Please restate, word for word, the lines below that begin at the one with "set D := a1 ^+ 2 + 4 * a2." and end at the one with "rewrite /r2; nra.". Leave out all other lines.
==============================
Lemma ar2_le0_region_C (a1 a2 d : R) : region_C a1 a2 -> 0 < d ->
  exists eta th, [/\ 0 < eta, 1 < th & forall y,
    (forall k, y k <= ar2_envelope d eta th k) ->
    forall n, (0 < n)%N -> ar2 a1 a2 y n <= 0].
Proof.
move=> hC d0.
have a10 : 0 <= a1 by case: hC => [[]|[[/andP[]]|[[]|[]]]] => *; lra.
have [a20|a20] := leP 0 a2.
  by apply: ar2_le0_nonneg_coef => //; case: hC => [[]|[[]|[[]|[]]]] => *; lra.
(* With a2 < 0 the characteristic roots are real: r1 > 1 and r2 >= 0. *)
set D := a1 ^+ 2 + 4 * a2.
have D0 : 0 <= D.
  by rewrite /D; case: hC => [[]|[[/andP[] ]|[[]|[]]]] => *; rewrite ?expr2; nra.
set sq := Num.sqrt D.
have sq0 : 0 <= sq by rewrite sqrtr_ge0.
have sq2 : sq * sq = D by rewrite -expr2 sqr_sqrtr.
set r1 := (a1 + sq) / 2; set r2 := (a1 - sq) / 2.
have r20 : 0 <= r2.
  have : sq * sq <= a1 * a1 by rewrite sq2 /D expr2; lra.
  rewrite /r2; nra.
have r11 : 1 < r1.
  rewrite /r1; rewrite /D expr2 in sq2.
  case: hC => [[h1 h2]|[[/andP[h1 h2] h]|[[h1 h2]|[_ h]]]]; try lra.
    have : 0 < sq by rewrite /sq sqrtr_gt0 /D.
    lra.
  have : 2 - a1 < sq by nra.
  lra.
have -> : a1 = r1 + r2 by rewrite /r1 /r2; field.
have -> : a2 = - (r1 * r2).
  rewrite /r1 /r2.
  have -> : (a1 + sq) / 2 * ((a1 - sq) / 2) = (a1 * a1 - sq * sq) / 4 by field.
  by rewrite sq2 /D; field.
exact: ar2_le0_real_roots.
Qed.

End AR2Envelope.

Section TailSums.
Variable R : realType.
(* If $G$ is a $2$-connected graph of order $n$ with girth $g$, then $F_c(G)\le n-g+2$.
   Context: Forcing process: given a set of initially colored vertices, at each step a colored vertex with exactly one non-colored neighbor forces (colors) that neighbor. A set $S\subseteq V(G)$ is a forcing set if iterating this process from $S$ eventually colors all vertices; it is a connected forcing set if moreover the induced subgraph $G[S]$ is connected. $F_c(G)$ is the minimum cardinality of a connected forcing set of $G$. The girth of $G$ is the length of a shortest cycle in $G$. *)

From mathcomp Require Import all_boot.
Set Implicit Arguments. Unset Strict Implicit. Unset Printing Implicit Defensive.

Definition simple_graph (T : finType) (e : rel T) : Prop :=
  symmetric e /\ irreflexive e.

Definition induced (T : finType) (e : rel T) (S : {set T}) : rel T :=
  [rel x y | [&& x \in S, y \in S & e x y]].

Definition connected_on (T : finType) (e : rel T) (S : {set T}) : Prop :=
  forall x y, x \in S -> y \in S -> connect (induced e S) x y.

Definition connected_graph (T : finType) (e : rel T) : Prop :=
  connected_on e [set: T].

Definition two_connected (T : finType) (e : rel T) : Prop :=
  [/\ 3 <= #|T|, connected_graph e & forall v : T, connected_on e [set~ v]].

Definition is_cycle (T : finType) (e : rel T) (s : seq T) : Prop :=
  [/\ 3 <= size s, uniq s & cycle e s].

Definition is_girth (T : finType) (e : rel T) (g : nat) : Prop :=
  (exists s, is_cycle e s /\ size s = g) /\
  (forall s, is_cycle e s -> g <= size s).

Definition force_step (T : finType) (e : rel T) (S : {set T}) : {set T} :=
  S :|: [set v | [exists u, [&& u \in S, v \notin S, e u v &
                  [forall w, e u w ==> (w \in S) || (w == v)]]]].

(* the final colored set (the process stabilises after at most #|T| rounds) *)
Definition closure (T : finType) (e : rel T) (S : {set T}) : {set T} :=
  iter #|T| (force_step e) S.

Definition forcing_set (T : finType) (e : rel T) (S : {set T}) : Prop :=
  closure e S = [set: T].

Definition connected_forcing_set (T : finType) (e : rel T) (S : {set T}) : Prop :=
  forcing_set e S /\ connected_on e S.

From mathcomp Require Import all_boot zify.
Set Implicit Arguments. Unset Strict Implicit. Unset Printing Implicit Defensive.

(* Choose W with |W| = g - 2 such that both G[W] and G - W are connected; such
   sets of every size 1 <= k < n exist because a connected set Y with |Y| >= 2
   and nonempty complement in a 2-connected graph contains a vertex z with a
   neighbor outside Y such that Y - z is still connected (apply this to
   Y = V - W and move z into W).  Then S = V - W is a connected forcing set.
   A vertex outside W has at most one neighbor in W, since two would close a
   cycle of length <= |W| + 1 < g.  Hence if forcing stalled on some colored
   set containing S, the uncolored vertices together with the colored ones
   having an uncolored neighbor would induce a subgraph of G[W] of minimum
   degree 2, which contains a cycle of length <= |W| < g. *)

Section InducedConnectivity.
Variables (T : finType) (e : rel T).
Implicit Types (A B : {set T}) (x y z : T).

Lemma connect_induced_mem A x y : x \in A -> connect (induced e A) x y -> y \in A.
Proof.
move=> xA /connectP [p pth ->]; elim: p x xA pth => //= z p IH x _.
by case/andP=> /and3P [_ zA _]; apply: IH.
Qed.

Lemma connect_induced_sub A B x y :
  A \subset B -> connect (induced e A) x y -> connect (induced e B) x y.
Proof.
move=> /subsetP AB; apply: connect_sub => u v /and3P [uA vA uv].
by apply: connect1; rewrite /induced /= uv !AB.
Qed.

Lemma connect_induced_setD1 A x y z :
  ~~ connect (induced e A) x z -> connect (induced e A) x y ->
  connect (induced e (A :\ z)) x y.
Proof.
move=> nxz /connectP [p pth ->].
elim: p x nxz pth => //= u p IH x nxz /andP [xu pth].
have nuz : ~~ connect (induced e A) u z.
  by apply: contra nxz; apply: connect_trans (connect1 xu).
case/and3P: xu => xA uA xu.
have xz : x != z by apply: contraNneq nxz => ->.
have uz : u != z by apply: contraNneq nuz => ->.
apply: connect_trans (connect1 _) (IH u nuz pth).
by rewrite /induced /= !inE xz uz xA uA.
Qed.

Lemma connect_neighbor A x y :
  x != y -> connect (induced e A) x y -> exists2 a, a \in A & e x a.
Proof.
move=> xy /connectP [[|a p] /= pth yE]; first by rewrite yE eqxx in xy.
by case/andP: pth => /and3P [_ aA xa] _; exists a.
Qed.

Lemma connect_exit_edge (r : rel T) (C : {pred T}) x y :
  x \in C -> y \notin C -> connect r x y -> exists u v, [/\ u \in C, v \notin C & r u v].
Proof.
move=> xC yC /connectP [p pth yE]; rewrite {y}yE in yC.
elim: p x xC pth yC => [|z p IH] x xC /=; first by rewrite xC.
case/andP=> xz pth yC; have [zC|zC] := boolP (z \in C); first exact: IH pth yC.
by exists x, z.
Qed.

Hypothesis esym : symmetric e.

Lemma connect_induced_sym A : connect_sym (induced e A).
Proof. by apply: sym_connect_sym => x y; rewrite /induced /= esym andbCA. Qed.

Lemma connected_on_hub A z : z \in A ->
  (forall y, y \in A -> connect (induced e A) y z) -> connected_on e A.
Proof.
move=> zA hub x y xA yA.
by apply: connect_trans (hub x xA) _; rewrite connect_induced_sym hub.
Qed.

End InducedConnectivity.

Lemma card_gt2_notin2 (T : finType) (a b : T) :
  2 < #|T| -> exists w, w \notin [set a; b].
Proof.
move=> n3; apply/existsP; rewrite -negb_forall; apply/negP => /forallP all2.
have : [set: T] \subset [set a; b] by apply/subsetP => w _; rewrite all2.
by move/subset_leq_card; rewrite cardsT cards2; lia.
Qed.

Section TwoConnected.
Variables (T : finType) (e : rel T).
Hypotheses (esym : symmetric e) (eirr : irreflexive e) (two : two_connected e).
Implicit Types (Y W : {set T}) (x y z : T).

Lemma two_connected_deg2 v : exists a b, [/\ a != b, e v a & e v b].
Proof.
case: two => n3 conn cut.
have [w] := card_gt2_notin2 v v n3; rewrite !inE orbb eq_sym => vw.
have [a _ va] := connect_neighbor vw (conn v w (in_setT v) (in_setT w)).
have [w'] := card_gt2_notin2 v a n3; rewrite !inE negb_or eq_sym => /andP [vw' aw'].
have av : v != a by apply: contraTneq va => <-; rewrite eirr.
have vna : v \in [set~ a] by rewrite !inE.
have w'na : w' \in [set~ a] by rewrite !inE.
have [b] := connect_neighbor vw' (cut a v w' vna w'na).
by rewrite !inE eq_sym => ab vb; exists a, b.
Qed.

Definition cut_component Y z x := [set y | connect (induced e (Y :\ z)) x y].

Lemma cut_component_sub Y z x y :
  x \in Y :\ z -> y \in cut_component Y z x -> y \in Y :\ z.
Proof. by move=> xY; rewrite inE; apply: connect_induced_mem. Qed.

Lemma cut_component_exit Y z x w : z \in Y -> x \in Y :\ z -> w \notin Y ->
  exists2 z', z' \in cut_component Y z x & exists2 w', w' \notin Y & e z' w'.
Proof.
move=> zY xY wY; case: two => _ _ cut.
have xz : x \in [set~ z] by case/setD1P: xY; rewrite !inE.
have wz : w \in [set~ z] by rewrite !inE; apply: contraNneq wY => ->.
have xC : x \in cut_component Y z x by rewrite inE connect0.
have wC : w \notin cut_component Y z x.
  by apply: contra wY => /(cut_component_sub xY) /setD1P [].
have [u [v [uC vC /and3P [_ vz uv]]]] := connect_exit_edge xC wC (cut z x w xz wz).
exists u => //; exists v => //; apply: contra vC => vY.
move: (uC); rewrite !inE => xu; apply: connect_trans xu (connect1 _).
move: (cut_component_sub xY uC) vz; rewrite /induced /= !inE => /andP [-> ->] ->.
by rewrite vY uv.
Qed.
==============================
**TASK SOLUTION:**
set D := a1 ^+ 2 + 4 * a2.
have D0 : 0 <= D.
  by rewrite /D; case: hC => [[]|[[/andP[] ]|[[]|[]]]] => *; rewrite ?expr2; nra.
set sq := Num.sqrt D.
have sq0 : 0 <= sq by rewrite sqrtr_ge0.
have sq2 : sq * sq = D by rewrite -expr2 sqr_sqrtr.
set r1 := (a1 + sq) / 2; set r2 := (a1 - sq) / 2.
have r20 : 0 <= r2.
  have : sq * sq <= a1 * a1 by rewrite sq2 /D expr2; lra.
  rewrite /r2; nra.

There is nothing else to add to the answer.